Activity:
Report each line of the records below that holds the word "Definition".

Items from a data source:

────────────────────────────────────────

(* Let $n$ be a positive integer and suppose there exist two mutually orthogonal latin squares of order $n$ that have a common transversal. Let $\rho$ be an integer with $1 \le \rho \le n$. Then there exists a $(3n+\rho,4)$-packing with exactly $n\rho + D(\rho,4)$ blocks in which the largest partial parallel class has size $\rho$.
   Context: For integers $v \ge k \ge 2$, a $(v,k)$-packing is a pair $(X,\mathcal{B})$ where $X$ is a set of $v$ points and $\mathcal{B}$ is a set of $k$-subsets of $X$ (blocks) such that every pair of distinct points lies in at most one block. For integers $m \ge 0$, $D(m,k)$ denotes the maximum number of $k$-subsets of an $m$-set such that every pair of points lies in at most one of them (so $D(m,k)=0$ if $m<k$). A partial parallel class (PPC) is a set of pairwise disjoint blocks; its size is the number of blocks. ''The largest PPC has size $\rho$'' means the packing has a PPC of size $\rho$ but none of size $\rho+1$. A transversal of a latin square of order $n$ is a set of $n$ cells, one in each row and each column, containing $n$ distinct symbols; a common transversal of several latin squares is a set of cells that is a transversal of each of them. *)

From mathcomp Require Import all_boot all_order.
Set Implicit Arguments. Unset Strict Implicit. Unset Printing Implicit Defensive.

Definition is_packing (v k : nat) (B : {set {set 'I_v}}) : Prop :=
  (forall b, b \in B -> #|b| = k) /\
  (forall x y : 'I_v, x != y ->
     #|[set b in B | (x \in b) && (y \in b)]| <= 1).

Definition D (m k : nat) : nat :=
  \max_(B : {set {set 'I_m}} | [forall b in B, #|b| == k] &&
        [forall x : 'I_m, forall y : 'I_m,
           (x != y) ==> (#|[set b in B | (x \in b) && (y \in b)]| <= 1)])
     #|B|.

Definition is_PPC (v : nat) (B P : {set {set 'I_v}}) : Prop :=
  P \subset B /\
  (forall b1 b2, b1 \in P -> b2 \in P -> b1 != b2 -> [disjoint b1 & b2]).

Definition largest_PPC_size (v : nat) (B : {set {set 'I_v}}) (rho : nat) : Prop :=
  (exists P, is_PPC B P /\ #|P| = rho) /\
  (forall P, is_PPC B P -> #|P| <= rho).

────────────────────────────────────────

Solution to the exercise:
Definition is_packing (v k : nat) (B : {set {set 'I_v}}) : Prop :=
Definition D (m k : nat) : nat :=
Definition is_PPC (v : nat) (B P : {set {set 'I_v}}) : Prop :=
Definition largest_PPC_size (v : nat) (B : {set {set 'I_v}}) (rho : nat) : Prop :=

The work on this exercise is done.